## Task to carry out
Please give the count of lines below with the string "intervals" in them, and no other words.

Saved data entries
• • •

(* Let $F$ be a hyperfield and let $p$ be a polynomial over $F$ of degree $2$ or $3$. Then $p$ is irreducible if and only if $p$ has no root in $F$.
   Context: A hyperfield is a set $F$ with a commutative multiplication and a multivalued addition $\boxplus:F\times F\to\mathcal P(F)$ such that: there are unique $0,1\in F$ with $(F,\cdot,1)$ a commutative monoid and $F\setminus\{0\}$ a group; $ab\boxplus ac=\{ad: d\in b\boxplus c\}$; and $(F,\boxplus,0)$ is a commutative hypergroup (with additive inverses $-a$, $0\in a\boxplus(-a)$). Iterated sums: $\boxplus_{i=1}^n a_i=\bigcup_{b\in\boxplus_{i=1}^{n-1}a_i} b\boxplus a_n$. A polynomial over $F$ is a finitely supported sequence $(c_i)$ in $F$, written $\sum c_iT^i$, with degree the largest $k$ with $c_k\ne0$. Hyperproduct: $p\boxdot q=\{\sum e_iT^i : e_i\in \boxplus_{k+l=i} c_kd_l\}$. $p\sim q$ means $p\in a\boxdot q$ for some nonzero $a\in F$; $p$ is irreducible if $\deg p\ge1$ and $p\in q_1\boxdot q_2$ implies $p\sim q_1$ or $p\sim q_2$. An element $a\in F$ is a root of $p=\sum c_iT^i$ if $0\in\boxplus_i c_ia^i$. (Known fact used freely: $a$ is a root of $p$ iff $p\in(T-a)\boxdot q$ for some polynomial $q$.) *)

From Stdlib Require Import List Arith.
Import ListNotations.
Set Implicit Arguments.
(* Let $m,n\in\mathbb N$, $a\in\mathbb C\setminus\mathbb Z$, $b_1,\dots,b_m\in\mathbb C$, $c_1,\dots,c_m\in\mathbb C\setminus\{0,-1,-2,\dots\}$. Then, as an identity of formal power series in $x=(x_1,\dots,x_m)$, $y=(y_1,\dots,y_n)$, $$\mathrm H_A^{(m,n)}(a,b;c;x,y)=F_A^{(m)}(a,b;c;x)\,J^{(n)}_{-a}(y)+\sum_{k=1}^\infty\sum_{l=1}^k\sum_{\substack{i\in\mathbb Z_{\ge0}^m,\ |i|=k\\ j\in\mathbb Z_{\ge0}^n,\ |j|=l}}\frac{(-1)^{k+l}\,k!\,(k-1)!\,(b)_i}{(l-1)!\,(k-l)!\,(1-a)_l\,(c)_i}\,\frac{x^i}{i!}\frac{y^j}{j!}\,F_A^{(m)}(a+k,b+i;c+i;x)\,J^{(n)}_{-a+l}(y),$$ where $F_A^{(m)}(a+k,b+i;c+i;x)$ means $F_A^{(m)}(a+k,b_1+i_1,\dots,b_m+i_m;c_1+i_1,\dots,c_m+i_m;x)$.
   Context: Multi-index notation: for $i=(i_1,\dots,i_m)\in\mathbb Z_{\ge0}^m$, $x^i=x_1^{i_1}\cdots x_m^{i_m}$, $i!=i_1!\cdots i_m!$, $|i|=i_1+\dots+i_m$; similarly for $j\in\mathbb Z_{\ge0}^n$ and $y$. Pochhammer symbol $(\lambda)_k=\Gamma(\lambda+k)/\Gamma(\lambda)$ for every integer $k$; $(b)_i:=\prod_{s=1}^m(b_s)_{i_s}$, $(c)_i:=\prod_{s=1}^m(c_s)_{i_s}$. Lauricella function $F_A^{(m)}(a,b;c;x)=F_A^{(m)}(a,b_1,\dots,b_m;c_1,\dots,c_m;x)=\sum_{i\in\mathbb Z_{\ge0}^m}\frac{(a)_{|i|}(b)_i}{(c)_i}\frac{x^i}{i!}$. Bessel function of $n$ variables $J^{(n)}_\alpha(y)=\sum_{j\in\mathbb Z_{\ge0}^n}\frac{(-1)^{|j|}}{(1+\alpha)_{|j|}}\frac{y^j}{j!}$. Confluent function $\mathrm H_A^{(m,n)}(a,b;c;x,y)=\sum_{i\in\mathbb Z_{\ge0}^m,\,j\in\mathbb Z_{\ge0}^n}\frac{(a)_{|i|-|j|}(b)_i}{(c)_i}\frac{x^i}{i!}\frac{y^j}{j!}$. All functions are regarded as formal power series; the infinite sum converges in the formal (degree) topology. *)

(* Formal power series in x = (x_1..x_m), y = (y_1..y_n)
   with coefficients in a numeric algebraically closed field C (model of ℂ),
   represented by their coefficient functions. *)
From HB Require Import structures.
From mathcomp Require Import all_boot all_order all_algebra.
Set Implicit Arguments. Unset Strict Implicit. Unset Printing Implicit Defensive.
Import Order.TTheory GRing.Theory Num.Theory.
Local Open Scope ring_scope.

Definition midx (m : nat) := {ffun 'I_m -> nat}.

Definition mdeg m (i : midx m) : nat := (\sum_(s < m) i s)%N.

Definition mfact (C : numClosedFieldType) m (i : midx m) : C :=
  \prod_(s < m) ((i s)`!)%:R.

(* Pochhammer symbol (λ)_k for every integer k:
   (λ)_k = λ(λ+1)...(λ+k-1) for k >= 0, (λ)_{-k} = 1/((λ-1)...(λ-k)) *)
Definition poch (C : numClosedFieldType) (x : C) (k : int) : C :=
  match k with
  | Posz n => \prod_(t < n) (x + t%:R)
  | Negz n => (\prod_(t < n.+1) (x - (t.+1)%:R))^-1
  end.

Definition mpoch (C : numClosedFieldType) m (b : 'I_m -> C) (i : midx m) : C :=
  \prod_(s < m) poch (b s) (Posz (i s)).

Definition fps (C : numClosedFieldType) m n := midx m -> midx n -> C.

Definition of_bounded m N (p : {ffun 'I_m -> 'I_N}) : midx m :=
  [ffun s => nat_of_ord (p s)].

Definition msub m (i p : midx m) : midx m := [ffun s => (i s - p s)%N].

Definition fps_mul (C : numClosedFieldType) m n (f g : fps C m n) : fps C m n :=
  fun I J =>
    \sum_(p : {ffun 'I_m -> 'I_(mdeg I).+1} | [forall s, (p s <= I s)%N])
      \sum_(q : {ffun 'I_n -> 'I_(mdeg J).+1} | [forall s, (q s <= J s)%N])
        f (of_bounded p) (of_bounded q) *
        g (msub I (of_bounded p)) (msub J (of_bounded q)).

Definition fps_add (C : numClosedFieldType) m n (f g : fps C m n) : fps C m n :=
  fun I J => f I J + g I J.

(* convergence of sum_{k>=0} u k to s in the formal (degree) topology:
   every coefficient of the partial sums is eventually constant equal to
   the corresponding coefficient of s *)
Definition fps_hasSum (C : numClosedFieldType) m n (u : nat -> fps C m n)
  (s : fps C m n) : Prop :=
  forall I J, exists K, forall N, (K <= N)%N ->
    \sum_(k < N) u k I J = s I J.

Definition fps_mono (C : numClosedFieldType) m n (i : midx m) (j : midx n)
  : fps C m n := fun I J => if (I == i) && (J == j) then 1 else 0.

Definition mzero m : midx m := [ffun => 0%N].

Definition FA (C : numClosedFieldType) m n (a : C) (b c : 'I_m -> C)
  : fps C m n := fun I J =>
  if J == mzero n then
    poch a (Posz (mdeg I)) * mpoch b I / mpoch c I / mfact C I
  else 0.

Definition BesselJ (C : numClosedFieldType) m n (alpha : C) : fps C m n :=
  fun I J =>
  if I == mzero m then
    (-1) ^+ (mdeg J) / poch (1 + alpha) (Posz (mdeg J)) / mfact C J
  else 0.

Definition HA (C : numClosedFieldType) m n (a : C) (b c : 'I_m -> C)
  : fps C m n := fun I J =>
  poch a (Posz (mdeg I) - Posz (mdeg J)) * mpoch b I / mpoch c I
    / mfact C I / mfact C J.

(* k-th term (k >= 1) of the outer sum on the right-hand side:
   sum_{l=1}^k sum_{|i|=k, |j|=l} coef * x^i/i! * y^j/j! *
      F_A(a+k, b+i; c+i; x) * J_{-a+l}(y) *)
Definition rhs_term (C : numClosedFieldType) m n (a : C) (b c : 'I_m -> C)
  (k : nat) : fps C m n := fun I J =>
  \sum_(l0 < k)
   let l := l0.+1 in
   \sum_(ib : {ffun 'I_m -> 'I_k.+1} | mdeg (of_bounded ib) == k)
    let i := of_bounded ib in
    \sum_(jb : {ffun 'I_n -> 'I_l.+1} | mdeg (of_bounded jb) == l)
     let j := of_bounded jb in
     ((-1) ^+ (k + l) * (k`!)%:R * ((k.-1)`!)%:R * mpoch b i
       / (((l.-1)`!)%:R * ((k - l)`!)%:R * poch (1 - a) (Posz l) * mpoch c i)
       / mfact C i / mfact C j) *
     fps_mul (fps_mul (@fps_mono C m n i j)
                      (@FA C m n (a + k%:R) (fun s => b s + (i s)%:R)
                                       (fun s => c s + (i s)%:R)))
             (@BesselJ C m n (- a + l%:R)) I J.
(** The fixed point x_gamma = lim_n gamma^n((0,c0)), as an infinite word
    nat -> letter: its i-th letter is the i-th letter of gamma^(i+1)((0,c0))
    (each gamma^n((0,c0)) is a prefix of gamma^(n+1)((0,c0)), and
    |gamma^(i+1)((0,c0))| >= 2^(i+1) > i). *)
Definition x_gamma (i : nat) : letter := nth i (gamma_iter (S i)) (0%nat, c0).

Definition delta (a : letter) : list nat :=
  let (j, c) := a in
  match c with
  | c0 => [j; j+1]
  | c1 => [j+2]
  | c2 => [j+2; j+3]
  | c3 => [j+3; j+3]
  end%nat.

(** Image of an infinite word under delta (delta is non-erasing, so the
    N-th letter of delta(x) lies within delta(x_0 ... x_N)). *)
Definition delta_inf (x : nat -> letter) (N : nat) : nat :=
  nth N (flat_map delta (map x (seq 0 (S N)))) 0%nat.

(* The expansions are built explicitly on Lucas intervals.  Since
   L(2k) = phi^(2k) + phi^-(2k) and L(2k+1) = phi^(2k+1) - phi^-(2k+1), an expansion of
   L(2n+2) + k (k <= L(2n+1)) is one of k with the digits 2n+2 and -(2n+2) added, an
   expansion of L(2n+3) + k is one of k - phi^-(2n+2) with 2n+3 and -(2n+4) added, and the
   numbers m - phi^-(2n+2) expand likewise.  The digit count of an admissible expansion
   depends only on its value (its largest digit m is the one with phi^m <= x < phi^(m+1)),
   so this yields recurrences for s_beta on these intervals.  On the word side,
   delta(gamma^n((0,c))) for c = c0, c1, c2, c3 is s_beta on [0, L(2n)), s_beta on
   [L(2n), L(2n+2)), 2 + s_beta on [0, L(2n+1)], and 2 + the digit count of
   m - phi^-(2n+2) for 0 < m < L(2n+2); applying gamma once more and the recurrences
   propagate these four descriptions from n to n+1, and x_gamma begins with every
   gamma^n((0,c0)). *)

From Stdlib Require Import Reals List ZArith Arith Lia Lra Permutation ClassicalEpsilon.
Import ListNotations.
Open Scope R_scope.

• • •

## Exercise answer
2